The surprise announcement last week that Deloitte & Touche is to merge with Andersen UK will affect, for better or worse, many careers at the two firms.
According to John Connolly, UK senior partner at Deloitte: ‘The enlarged firm will offer even greater development opportunities for all of our people.’ Many staff at the two firms will no doubt swallow such comments alongside a strong dose of cynicism.
But for Connolly at least, the deal represents a significant boost for this career.
When he took over as UK senior partner of Deloitte & Touche in 1999, the firm was at the bottom of the Big Five league table.
Following the announcement that Deloitte is to take on the partners and staff of Andersen UK (the word merger is carefully avoided), Connolly is set to become the senior partner of the country’s second largest firm.
His empire will encompass £1,415m of annual revenues.
He will be chief executive and senior partner of the enlarged firm, although some Andersen partners will join the board and executive team, and the firm will retain the Deloitte name.
Connolly, regarded by some as a bit of a bruiser, has spent his whole professional life with the firm. Earlier in his career he ran an office for the firm in the Middle East, was partner-in-charge of its Leeds office and a regional managing partner. Before taking up his current role, he was head of the London office and UK managing partner.

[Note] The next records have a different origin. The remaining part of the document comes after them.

(* The map F |-> pr_1(F) x ... x pr_r(F) is an S_r-equivariant closure
   operator on the face poset of B_edge(H), and its closed faces are exactly
   the image of i.  For any equivariant closure operator c on a poset A, the
   order complex of A collapses equivariantly onto the order complex of the
   closed elements: a chain s with a non-closed element, whose largest
   non-closed element is x, is matched with s + {c x}, since c x is comparable
   with every element of s.  Removing the matched pairs orbit by orbit in
   decreasing order of (|x|, |s|), each removal is an elementary G-collapse:
   once the larger pairs are gone, s is a free face of the single facet
   s + {c x}, and distinct chains of one orbit have no common coface. *)

From mathcomp Require Import all_boot fingroup perm zify.
Set Implicit Arguments. Unset Strict Implicit. Unset Printing Implicit Defensive.

Lemma G_collapses_trans (X : finType) (G : finGroupType) (act : X -> G -> X) K1 K2 K3 :
  G_collapses act K1 K2 -> G_collapses act K2 K3 -> G_collapses act K1 K3.
Proof. by move=> K12; elim=> // Ka s Kb _ K1a sKab; apply: GC_step K1a sKab. Qed.

Section SimplexAction.
Local Open Scope group_scope.
Variables (X : finType) (G : finGroupType) (act : X -> G -> X).
Hypothesis act1 : forall x, act x 1 = x.
Hypothesis actM : forall x g h, act (act x g) h = act x (h * g).

Lemma act_inj g : injective (act^~ g).
Proof. by apply: (can_inj (g := act^~ g^-1)) => x /=; rewrite actM mulVg act1. Qed.

Lemma sact1 (s : {set X}) : sact act s 1 = s.
Proof. by rewrite /sact (eq_imset _ act1) imset_id. Qed.

Lemma sactM (s : {set X}) g h : sact act (sact act s g) h = sact act s (h * g).
Proof. by rewrite /sact -imset_comp; apply: eq_imset => x /=; rewrite actM. Qed.

Lemma sactK g (s : {set X}) : sact act (sact act s g) g^-1 = s.
Proof. by rewrite sactM mulVg sact1. Qed.

Lemma sactS (s t : {set X}) g : s \subset t -> sact act s g \subset sact act t g.
Proof. exact: imsetS. Qed.

Lemma sact_subset (s t : {set X}) g :
  (sact act s g \subset sact act t g) = (s \subset t).
Proof. by apply/idP/idP => [/(sactS g^-1)|/sactS//]; rewrite !sactK. Qed.

Lemma card_sact (s : {set X}) g : #|sact act s g| = #|s|.
Proof. exact: card_imset (@act_inj g). Qed.

Lemma mem_sact x (s : {set X}) g : (act x g \in sact act s g) = (x \in s).
Proof. exact: mem_imset (@act_inj g). Qed.

End SimplexAction.

Definition avoid (X : finType) (K S : {set {set X}}) :=
  [set t in K | [forall s in S, ~~ (s \subset t)]].

Definition del_orbit (X : finType) (G : finGroupType) (act : X -> G -> X)
  (K : {set {set X}}) (s : {set X}) :=
  [set t in K | [forall g : G, ~~ (sact act s g \subset t)]].

Section MatchingCollapse.
Local Open Scope group_scope.
Variables (X : finType) (G : finGroupType) (act : X -> G -> X).
Hypothesis act1 : forall x, act x 1 = x.
Hypothesis actM : forall x g h, act (act x g) h = act x (h * g).
Variables (key : {set X} -> nat) (pivot : {set X} -> X).

(* Each [s] in [S] is paired with its coface [pivot s |: s]. *)
Record acyclic_G_matching (K S : {set {set X}}) : Prop := AcyclicGMatching {
  matching_K_act : forall t g, t \in K -> sact act t g \in K;
  matching_S_act : forall s g, s \in S -> sact act s g \in S;
  matching_key_act : forall s g, s \in S -> key (sact act s g) = key s;
  matching_pivot_notin : forall s, s \in S -> pivot s \notin s;
  matching_S_sub : {subset S <= K};
  matching_coface_in : forall s, s \in S -> pivot s |: s \in K;
  matching_key_coface : forall s s', s \in S -> s' \in S ->
    s' \subset pivot s |: s -> s' = s \/ key s' < key s;
  matching_cofaces : forall s t, s \in S -> t \in K -> s \subset t ->
    [\/ t = s, t = pivot s |: s |
        exists2 s', s' \in S & (key s < key s') && (s' \subset t)]
}.

Section TopOrbit.
Variables (K S : {set {set X}}) (s0 : {set X}).
Hypotheses (M : acyclic_G_matching K S) (s0S : s0 \in S).
Hypothesis s0_max : forall s, s \in S -> key s <= key s0.
Local Notation O := (simplex_orbit act s0).

Lemma orbit_top s : s \in O -> s \in S /\ key s = key s0.
Proof.
by case/imsetP => g _ ->; rewrite (matching_S_act M) ?(matching_key_act M).
Qed.

Lemma top_cofaces s t : s \in S -> key s = key s0 -> t \in K -> s \subset t ->
  t = s \/ t = pivot s |: s.
Proof.
move=> sS ks tK st.
case: (matching_cofaces M sS tK st) => [->|->|[s' s'S /andP[lt _]]].
- by left.
- by right.
by move: (s0_max s'S); rewrite -ks leqNgt lt.
Qed.

Lemma top_facets_over s : s \in S -> key s = key s0 ->
  facets_over K s = [set pivot s |: s].
Proof.
move=> sS ks.
have ncoface : ~~ (pivot s |: s \subset s).
  by apply: contra (matching_pivot_notin M sS) => /subsetP; apply; rewrite setU11.
apply/setP => p; rewrite !inE; apply/idP/eqP => [/and3P[pK _ sp] | ->].
  case: (top_cofaces sS ks pK (proper_sub sp)) => // ps.
  by rewrite ps properxx in sp.
rewrite (matching_coface_in M sS) properE subsetUr ncoface /is_facet.
rewrite (matching_coface_in M sS) /= andbT.
apply/forall_inP => t tK; apply/implyP => pt.
have st := subset_trans (subsetUr _ _) pt.
by move: pt; case: (top_cofaces sS ks tK st) => -> //; rewrite (negbTE ncoface).
Qed.

Lemma top_is_free s : s \in S -> key s = key s0 -> is_free K s.
Proof.
by move=> sS ks; rewrite /is_free (matching_S_sub M sS) top_facets_over ?cards1.
Qed.

Lemma elem_collapse_top : elem_G_collapse act K s0 (del_orbit act K s0).
Proof.
split=> //; first exact: top_is_free.
  exists (pivot s0 |: s0); rewrite top_facets_over //.
  by rewrite cardsU1 (matching_pivot_notin M s0S).
apply/andP; split; first by apply/forall_inP => s /orbit_top[]; apply: top_is_free.
apply/forall_inP => a /orbit_top[aS ka]; apply/forall_inP => b /orbit_top[bS kb].
apply/implyP => nab; apply/negP => /exists_inP[t tK /andP[a_t b_t]].
have b_coface : b \subset pivot a |: a.
  move: b_t; case: (top_cofaces aS ka tK a_t) => -> // /subset_trans; apply.
  exact: subsetUr.
case: (matching_key_coface M aS bS b_coface) => [ba|].
  by rewrite ba eqxx in nab.
by rewrite ka kb ltnn.
Qed.

Lemma orbit_notin_coface s g : s \in S -> s \notin O ->
  ~~ (sact act s0 g \subset pivot s |: s).
Proof.
move=> sS sO; apply/negP => sub.
have s0gS := matching_S_act M g s0S.
case: (matching_key_coface M sS s0gS sub) => [e|].
  by move: sO; rewrite -e; apply/negP/negPn/imsetP; exists g.
by rewrite (matching_key_act M g s0S) ltnNge s0_max.
Qed.

Lemma del_orbit_matching :
  acyclic_G_matching (del_orbit act K s0) (S :\: O).
Proof.
case: M => K_act S_act key_act pivot_notin S_sub coface_in key_coface cofaces.
split.
- move=> t g; rewrite !inE => /andP[tK /forallP nt]; rewrite K_act //=.
  apply/forallP => h; apply/negP => sub.
  by have := sactS act g^-1 sub; rewrite (sactK act1 actM) (sactM actM); apply/negP.
- move=> s g /setDP[sS sO]; rewrite inE S_act // andbT.
  apply: contra sO => /imsetP[h _ e]; apply/imsetP; exists (g^-1 * h) => //.
  by rewrite -(sactM actM) -e (sactK act1 actM).
- by move=> s g /setDP[sS _]; apply: key_act.
- by move=> s /setDP[sS _]; apply: pivot_notin.
- move=> s /setDP[sS sO]; rewrite inE S_sub //=; apply/forallP => g.
  apply: contra (orbit_notin_coface g sS sO) => /subset_trans; apply.
  exact: subsetUr.
- move=> s /setDP[sS sO]; rewrite inE coface_in //=.
  by apply/forallP => g; apply: orbit_notin_coface.
- by move=> s s' /setDP[sS _] /setDP[s'S _]; apply: key_coface.
move=> s t /setDP[sS sO]; rewrite inE => /andP[tK /forallP nt] st.
case: (cofaces s t sS tK st) => [->|->|[s' s'S /andP[lt s't]]].
- by constructor 1.
- by constructor 2.
constructor 3; exists s'; last by rewrite lt.
rewrite inE s'S andbT; apply/negP => /imsetP[g _ e].
by move: (nt g); rewrite -e s't.
Qed.

Lemma avoid_del_orbit : avoid K S = avoid (del_orbit act K s0) (S :\: O).
Proof.
apply/setP => t; rewrite !inE; apply/andP/andP.
  move=> [tK /forall_inP noS].
  split; first by rewrite tK; apply/forallP => g; apply/noS/(matching_S_act M).
  by apply/forall_inP => s /setDP[sS _]; apply: noS.
move=> [/andP[tK /forallP noO] /forall_inP noS]; split=> //.
apply/forall_inP => s sS.
have [/imsetP[g _ ->] | sO] := boolP (s \in O); first exact: noO.
by apply: noS; rewrite inE sO.
Qed.

End TopOrbit.

Lemma avoid0 (K : {set {set X}}) : avoid K set0 = K.
Proof.
by apply/setP => t; rewrite inE andb_idr // => _; apply/forall_inP => s; rewrite inE.
Qed.

Lemma matching_collapse K S :
  acyclic_G_matching K S -> G_collapses act K (avoid K S).
Proof.
elim: {S}#|S|.+1 {-2}S (ltnSn #|S|) K => // n IH S ltSn K M.
have [-> | [s1 s1S]] := set_0Vmem S; first by rewrite avoid0; apply: GC_refl.
have [s0 s0S s0_max] := arg_maxnP key s1S.
have {}s0S : s0 \in S := s0S.
have s0O : s0 \in simplex_orbit act s0 by apply/imsetP; exists 1; rewrite ?(sact1 act1).
rewrite (avoid_del_orbit M s0S).
apply: G_collapses_trans (GC_step (GC_refl act K) (elem_collapse_top M s0S s0_max)) _.
apply: IH (del_orbit_matching M s0S s0_max); apply: (@leq_trans #|S|) ltSn.
rewrite proper_card // properEneq subsetDl andbT.
by apply/eqP => /setP/(_ s0); rewrite !inE s0O s0S.
Qed.

End MatchingCollapse.

Lemma order_complexP (Y : finType) (A : {set {set Y}}) (s : {set {set Y}}) :
  reflect [/\ s != set0, s \subset A &
              {in s &, forall a b : {set Y}, (a \subset b) || (b \subset a)}]
          (s \in order_complex A).
Proof.
rewrite inE; apply: (iffP idP) => [/andP[/andP[ne sA] /forall_inP cmp] | [ne sA cmp]].
  by split=> // a b aS bS; apply: (forall_inP (cmp a aS)).
by rewrite ne sA; apply/forall_inP => a aS; apply/forall_inP => b bS; apply: cmp.
Qed.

He is a corporate finance specialist and has worked on many mergers, experience that no doubt stood him in good stead for the negotiations with Andersen UK.
Maybe it was this that helped him keep the negotiations so hush-hush.

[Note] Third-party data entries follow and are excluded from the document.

Section truncated_mean.
Context d (T : measurableType d) (R : realType) (B : normedModType R).
Variables (P : probability T R) (G : set (set T)) (p lambda : R) (mu : B).
Variables (X Zh W : T -> B) (Wp : T -> R^o).
Hypotheses (G_sub : sub_sigma G) (p_gt1 : 1 < p) (lambda_gt0 : 0 < lambda).
Hypotheses (X_mean : cond_exp P G X (cst mu))
  (X_moment : cond_exp P G (fun t => (`|X t - mu| `^ p : R^o)) Wp)
  (Zh_meas : strongly_meas G Zh)
  (W_trunc : cond_exp P G (fun t => Trunc (lambda *: (X t - Zh t)) *: (X t - Zh t)) W).
Variables (phi : {linear B -> R^o}) (phi_le : forall x, `|phi x| <= `|x|).

Let c := Kp p * 2 `^ (p - 1) * lambda `^ (p - 1).
Let GM : G `<=` measurable := G_sub.2.
Let phi_cont : continuous phi := norm_dominated_linear_continuous phi_le.
Let id_le (x : R^o) : `|idfun x| <= `|x| := lexx _.

(* [main] and [proxy] have the same integral over every set of [G], and
   [proxy <= shift] pointwise; [shift] need not be integrable, hence the
   integrability hypothesis in [ae_le0_of_Rintegral_le0]. *)
Let TY t := Trunc (lambda *: (X t - Zh t)) *: (X t - Zh t).
Let q t := `|X t - mu| `^ p.
Let proxy t : R := phi (X t) - phi (TY t) - c * q t.
Let main t : R := phi mu - phi (W t) - c * Wp t.
Let shift t : R := phi (Zh t) + c * `|Zh t - mu| `^ p.
Let excess t : R := main t - shift t.

Let proxy_le_shift t : proxy t <= shift t.
Proof.
have := norm_sub_Trunc_le_around (X t) (Zh t) mu lambda_gt0 p_gt1.
rewrite -/c -/(TY t).
have := le_trans (ler_norm _) (phi_le ((X t - Zh t) - TY t)).
rewrite !linearB /= /proxy /shift /q; lra.
Qed.

Let excess_measurable : measurable_fun (setT : set (g_sigma_algebraType G)) excess.
Proof.
have norm_cont : continuous (fun x : B => `|x - mu|).
  move=> x; apply: (@continuous_comp _ _ _ (fun y : B => y - mu) Num.norm).
    exact: cvgB cvg_id (cvg_cst _).
  exact: norm_continuous.
have id_cont := @norm_dominated_linear_continuous _ _ idfun id_le.
have [_ _ Wmeas _ _] := W_trunc; have [_ _ Wpmeas _ _] := X_moment.
apply: measurable_funB; [apply: measurable_funB|apply: measurable_funD].
- exact: measurable_funB (measurable_cst _) (strongly_meas_comp Wmeas phi_cont).
- exact: measurable_funM (measurable_cst _) (strongly_meas_comp Wpmeas id_cont).
- exact: strongly_meas_comp Zh_meas phi_cont.
- apply: measurable_funM (measurable_cst _) _.
  exact: measurableT_comp (measurable_powR p) (strongly_meas_comp Zh_meas norm_cont).
Qed.

Let integrable_main A : measurable A -> P.-integrable A (EFin \o main).
Proof.
move=> mA; have int_mu := finite_measure_integrable_cst P (phi mu) mA.
have int_W := cond_exp_integrable_r GM W_trunc phi_le mA.
have int_Wp : P.-integrable A (EFin \o Wp) := cond_exp_integrable_r GM X_moment id_le mA.
exact (integrableB mA (integrableB mA int_mu int_W) (integrableZl mA c int_Wp)).
Qed.

Let integrable_proxy A : measurable A -> P.-integrable A (EFin \o proxy).
Proof.
move=> mA; have int_X := cond_exp_integrable_l X_mean phi_le mA.
have int_TY := cond_exp_integrable_l W_trunc phi_le mA.
have int_q : P.-integrable A (EFin \o q) := cond_exp_integrable_l X_moment id_le mA.
exact (integrableB mA (integrableB mA int_X int_TY) (integrableZl mA c int_q)).
Qed.

Let Rintegral_main A : G A -> \int[P]_(t in A) main t = \int[P]_(t in A) proxy t.
Proof.
move=> GA; have mA := GM GA.
have int_mu := finite_measure_integrable_cst P (phi mu) mA.
have int_W := cond_exp_integrable_r GM W_trunc phi_le mA.
have int_Wp : P.-integrable A (EFin \o Wp) := cond_exp_integrable_r GM X_moment id_le mA.
have int_X := cond_exp_integrable_l X_mean phi_le mA.
have int_TY := cond_exp_integrable_l W_trunc phi_le mA.
have int_q : P.-integrable A (EFin \o q) := cond_exp_integrable_l X_moment id_le mA.
have int_muW : P.-integrable A (EFin \o (fun t => phi mu - phi (W t))) :=
  integrableB mA int_mu int_W.
have int_XTY : P.-integrable A (EFin \o (fun t => phi (X t) - phi (TY t))) :=
  integrableB mA int_X int_TY.
have int_cWp : P.-integrable A (EFin \o (fun t => c * Wp t)) := integrableZl mA c int_Wp.
have int_cq : P.-integrable A (EFin \o (fun t => c * q t)) := integrableZl mA c int_q.
rewrite !RintegralB ?RintegralZl //.
congr (_ - _ - _ * _).
- exact: esym (cond_exp_Rintegral X_mean phi_le GA).
- exact: esym (cond_exp_Rintegral W_trunc phi_le GA).
- exact: esym (cond_exp_Rintegral X_moment id_le GA).
Qed.

Let Rintegral_excess_le0 A : G A -> P.-integrable A (EFin \o excess) ->
  \int[P]_(t in A) excess t <= 0.
Proof.
move=> GA int_excess; have mA := GM GA.
have int_shift : P.-integrable A (EFin \o shift).
  apply: eq_integrable mA _ _ _ (integrableB mA (integrable_main mA) int_excess) => t _.
  by rewrite /= /excess; congr EFin; ring.
rewrite RintegralB ?integrable_main // Rintegral_main // -RintegralB ?integrable_proxy //.
rewrite -[leRHS](mul0r (fine (P A))) -Rintegral_cst //.
apply: le_Rintegral => //; first exact (integrableB mA (integrable_proxy mA) int_shift).
- exact: finite_measure_integrable_cst.
- by move=> t _; rewrite subr_le0 proxy_le_shift.
Qed.

Lemma functional_residual_le_ae :
  {ae P, forall t, phi (mu - (W t + Zh t)) <= c * (Wp t + `|Zh t - mu| `^ p)}.
Proof.
have := ae_le0_of_Rintegral_le0 G_sub excess_measurable Rintegral_excess_le0.
apply: filterS => t.
by rewrite /excess /main /shift linearB linearD /=; lra.
Qed.
End truncated_mean.

Theorem lemma3 (d : measure_display) (T : measurableType d) (R : realType)
  (P : probability T R) (B : completeNormedModType R)
  (F : nat -> set (set T))
  (hF : forall k, sub_sigma (F k))
  (hFmono : forall k l, (k <= l)%N -> F k `<=` F l)
  (n : nat) (hn : (1 <= n)%N)
  (p : R) (hp1 : 1 < p) (hp2 : p <= 2)
  (v : R) (hv : 0 < v) (mu : B)
  (X : T -> B)
  (hXmeas : strongly_meas measurable X)
  (hXmean : cond_exp P (F n.-1) X (cst mu))
  (hXvar : exists W : T -> R^o,
      cond_exp P (F n.-1) (fun t => (`|X t - mu| `^ p : R^o)) W /\
      {ae P, forall t, W t <= v})
  (Zh : T -> B) (hZ : strongly_meas (F n.-1) Zh)
  (lambda : R) (hlambda : 0 < lambda)
  (W : T -> B)
  (hW : cond_exp P (F n.-1)
          (fun t => Trunc (lambda *: (X t - Zh t)) *: (X t - Zh t)) W) :
  {ae P, forall t,
     `|mu - (W t + Zh t)| <=
       Kp p * 2 `^ (p - 1) * lambda `^ (p - 1) * (v + `|Zh t - mu| `^ p)}.
Proof.
(* Only F_(n-1) enters and [hXmeas] is part of [hXmean]. *)
have [Wp [X_moment Wp_le]] := hXvar.
have [_ _ [sW [sWP sWcvg]] _ _] := hW; have [sZ [sZP sZcvg]] := hZ.
apply: (ae_norm_le_of_functionals (s := fun k t => mu - (sW k t + sZ k t))).
- by move=> k; exact: finite_range_comp2 (fun a b => mu - (a + b)) (sWP k).1 (sZP k).1.
- by move=> t; exact: cvgB (cvg_cst _) (cvgD (sWcvg t) (sZcvg t)).
move=> phi phi_le.
have residual_le :=
  functional_residual_le_ae (hF n.-1) hp1 hlambda hXmean X_moment hZ hW phi_le.
apply: filterS2 residual_le Wp_le => t /le_trans + Wpv; apply.
have p0 : 0 < p := lt_trans ltr01 hp1.
apply: ler_wpM2l; last by rewrite lerD2r.
exact: mulr_ge0 (mulr_ge0 (Kp_ge0 p0) (powR_ge0 _ _)) (powR_ge0 _ _).
Qed.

Rival player KPMG was widely expected to take over Andersen UK. Deloitte, on the other hand, stayed silent and its announcement of the deal last Wednesday took both the media and the accounting world by surprise.

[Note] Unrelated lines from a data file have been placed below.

Lemma cv_shift1 u x : Un_cv u x -> Un_cv (fun k => u (S k)) x.
Proof. intros H eps He. destruct (H eps He) as [N HN]. exists N. intros; apply HN; lia. Qed.

Lemma cv_unshift1 u x : Un_cv (fun k => u (S k)) x -> Un_cv u x.
Proof.
  intros H eps He. destruct (H eps He) as [N HN]. exists (S N). intros k Hk.
  destruct k as [|k]; [lia|]. apply HN; lia.
Qed.

Lemma series_cv_of_bounded a B :
  (forall k, 0 <= a k) -> (forall n, sum_f_R0 a n <= B) ->
  exists s, Un_cv (fun n => sum_f_R0 a n) s /\ s <= B.
Proof.
  intros Ha Hb. destruct (growing_cv (fun n => sum_f_R0 a n)) as [s Hs].
  - intros n. rewrite tech5. specialize (Ha (S n)). lra.
  - exists B. intros x [i ->]. apply Hb.
  - exists s; split; auto. destruct (Rle_dec s B) as [|N]; auto.
    destruct (Hs (s - B) ltac:(lra)) as [n Hn]. specialize (Hn n (le_n _)).
    unfold R_dist in Hn. apply Rabs_def2 in Hn. specialize (Hb n). lra.
Qed.

Lemma concave_le_tangent (phi dphi : R -> R) (eta : ereal) s t :
  (forall s t a, 0 <= s -> below eta s -> 0 <= t -> below eta t -> 0 <= a <= 1 ->
      a * phi s + (1 - a) * phi t <= phi (a * s + (1 - a) * t)) ->
  derivable_pt_lim phi s (dphi s) ->
  0 <= s -> below eta s -> 0 <= t -> below eta t ->
  phi t <= phi s + dphi s * (t - s).
Proof.
  intros Hc Hd Hs Hes Ht Het.
  destruct (Req_dec t s) as [->|E]; [lra|].
  assert (Hts : 0 < Rabs (t - s)) by (apply Rabs_pos_lt; lra).
  enough (G : forall eps, 0 < eps -> phi t - phi s <= dphi s * (t - s) + eps * Rabs (t - s)).
  { destruct (Rle_dec (phi t) (phi s + dphi s * (t - s))) as [|N]; auto.
    specialize (G ((phi t - phi s - dphi s * (t - s)) / (2 * Rabs (t - s)))
                  ltac:(apply Rdiv_lt_0_compat; lra)).
    replace (_ / (2 * Rabs (t - s)) * Rabs (t - s)) with ((phi t - phi s - dphi s * (t - s)) / 2) in G
      by (field; lra). lra. }
  intros eps He. destruct (Hd eps He) as [[del Hdel] Hh]. simpl in Hh.
  (* the secant from [s] to [s + a (t - s)], with [a] small, is close to the tangent *)
  set (a := Rmin 1 (del / (2 * Rabs (t - s)))).
  assert (Ha0 : 0 < a) by (apply Rmin_pos; [lra|apply Rdiv_lt_0_compat; lra]).
  assert (Ha1 : a <= 1) by apply Rmin_l.
  assert (Ha2 : a * Rabs (t - s) <= del / 2).
  { pose proof (Rmult_le_compat_r (Rabs (t - s)) _ _ (Rlt_le _ _ Hts) (Rmin_r 1 (del / (2 * Rabs (t - s))))).
    replace (del / (2 * Rabs (t - s)) * Rabs (t - s)) with (del / 2) in H by (field; lra). exact H. }
  set (h := a * (t - s)).
  assert (Hh0 : h <> 0) by (unfold h; intros Z; apply Rmult_integral in Z; lra).
  assert (Hhd : Rabs h < del) by (unfold h; rewrite Rabs_mult, (Rabs_right a) by lra; lra).
  specialize (Hh h Hh0 Hhd).
  specialize (Hc t s a Ht Het Hs Hes (conj (Rlt_le _ _ Ha0) Ha1)).
  replace (a * t + (1 - a) * s) with (s + h) in Hc by (unfold h; ring).
  set (q := (phi (s + h) - phi s) / h) in Hh.
  assert (Eq : phi (s + h) - phi s = q * h) by (unfold q; field; auto).
  assert (Hq : q * (t - s) <= dphi s * (t - s) + eps * Rabs (t - s)).
  { apply Rabs_def2 in Hh. destruct (Rle_dec 0 (t - s)).
    - rewrite Rabs_right by lra. nra.
    - rewrite Rabs_left by lra. nra. }
  assert (Hsec : a * (phi t - phi s) <= a * (q * (t - s))).
  { replace (a * (q * (t - s))) with (q * h) by (unfold h; ring). lra. }
  apply Rmult_le_reg_l in Hsec; auto. lra.
Qed.

(** The one-step estimate of the KL argument: [X] is the decrease of the
    desingularising function, [Dp] its slope, [d1^2 <= 2 rp (a - a')] the
    sufficient decrease and [1 <= Dp (K d0)] the KL inequality. *)
Lemma kl_step_estimate Dp X a a' d0 d1 rp K :
  0 < Dp -> 0 < rp -> 0 <= d0 -> 0 <= d1 ->
  Dp * (a - a') <= X -> d1 * d1 <= 2 * rp * (a - a') -> 1 <= Dp * (K * d0) ->
  2 * d1 <= 2 * rp * K * X + d0.
Proof.
  intros HD Hrp H0 H1 Htan Hdec HKL.
  assert (HX : 0 <= X) by nra.
  set (Y := 2 * rp * K * X).
  assert (Hd1 : d1 * d1 <= Y * d0).
  { apply (Rmult_le_reg_r Dp); auto. unfold Y.
    assert (2 * rp * X * 1 <= 2 * rp * X * (Dp * (K * d0))) by (apply Rmult_le_compat_l; [nra|auto]).
    nra. }
  assert (HK : 0 < K).
  { destruct (Rle_dec K 0) as [N|]; [|lra].
    pose proof (Rmult_le_pos (- K) d0 ltac:(lra) H0). nra. }
  assert (HY : 0 <= Y) by (unfold Y; pose proof (Rmult_le_pos _ _ (Rlt_le _ _ Hrp) HX); nra).
  apply Rsqr_incr_0_var; [|lra]. unfold Rsqr. pose proof (pow2_ge_0 (Y - d0)). nra.
Qed.

Section KLRecurrence.
Variables (d ph : nat -> R) (M : R).
Hypothesis d_nonneg : forall k, 0 <= d k.
Hypothesis ph_nonneg : forall k, 0 <= ph k.
Hypothesis ph_decr : forall k, ph (S k) <= ph k.
Hypothesis M_nonneg : 0 <= M.

Definition kl_recurrence_at (k : nat) : Prop :=
  2 * d (S k) <= M * (ph (S k) - ph (S (S k))) + d k.

Lemma kl_recurrence_telescope k n :
  (forall j, (j <= n)%nat -> kl_recurrence_at (k + j)) ->
  sum_f_R0 (fun j => d (k + 1 + j)%nat) n + d (k + 1 + n)%nat
  <= M * (ph (k + 1)%nat - ph (k + 2 + n)%nat) + d k.
Proof.
  induction n as [|n IH]; intros H.
  - specialize (H 0%nat (le_n _)). unfold kl_recurrence_at in H. simpl.
    replace (k + 0)%nat with k in H by lia.
    replace (k + 1 + 0)%nat with (S k) by lia. replace (k + 2 + 0)%nat with (S (S k)) by lia.
    replace (k + 1)%nat with (S k) by lia. lra.
  - rewrite tech5. specialize (IH (fun j Hj => H j ltac:(lia))).
    specialize (H (S n) (le_n _)). unfold kl_recurrence_at in H.
    replace (k + 1 + S n)%nat with (S (S (k + n))) in * by lia.
    replace (k + S n)%nat with (S (k + n)) in H by lia.
    replace (k + 2 + S n)%nat with (S (S (S (k + n)))) by lia.
    replace (k + 1 + n)%nat with (S (k + n)) in IH by lia.
    replace (k + 2 + n)%nat with (S (S (k + n))) in IH by lia. lra.
Qed.

Lemma kl_recurrence_tail k n :
  (forall j, kl_recurrence_at (k + j)) ->
  sum_f_R0 (fun j => d (k + 1 + j)%nat) n <= M * ph k + d k.
Proof.
  intros H. pose proof (kl_recurrence_telescope k n (fun j _ => H j)).
  pose proof (d_nonneg (k + 1 + n)). pose proof (ph_nonneg (k + 2 + n)).
  replace (k + 1)%nat with (S k) in * by lia. pose proof (ph_decr k).
  assert (M * (ph (S k) - ph (k + 2 + n)%nat) <= M * ph k) by (apply Rmult_le_compat_l; lra). lra.
Qed.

Connolly has no doubt enhanced his reputation by seemingly being able to pull a rabbit out of a hat, and by getting one over on his rivals at KPMG, especially as the merger, if successful, will knock KPMG off its position as the UK’s number two firm.
But now that the deal is signed, Connolly faces the challenging job of making it work.
He will have to convince regulators that the deal is not so much of a threat to competition that they should block it.
He also has to convince staff that the merger can work. This may not be too hard. Andersen UK needs a home, and some Deloitte staff will be hoping their remuneration will be boosted to match the reputedly high levels of their new colleagues. Maybe his toughest job will be managing this expectation.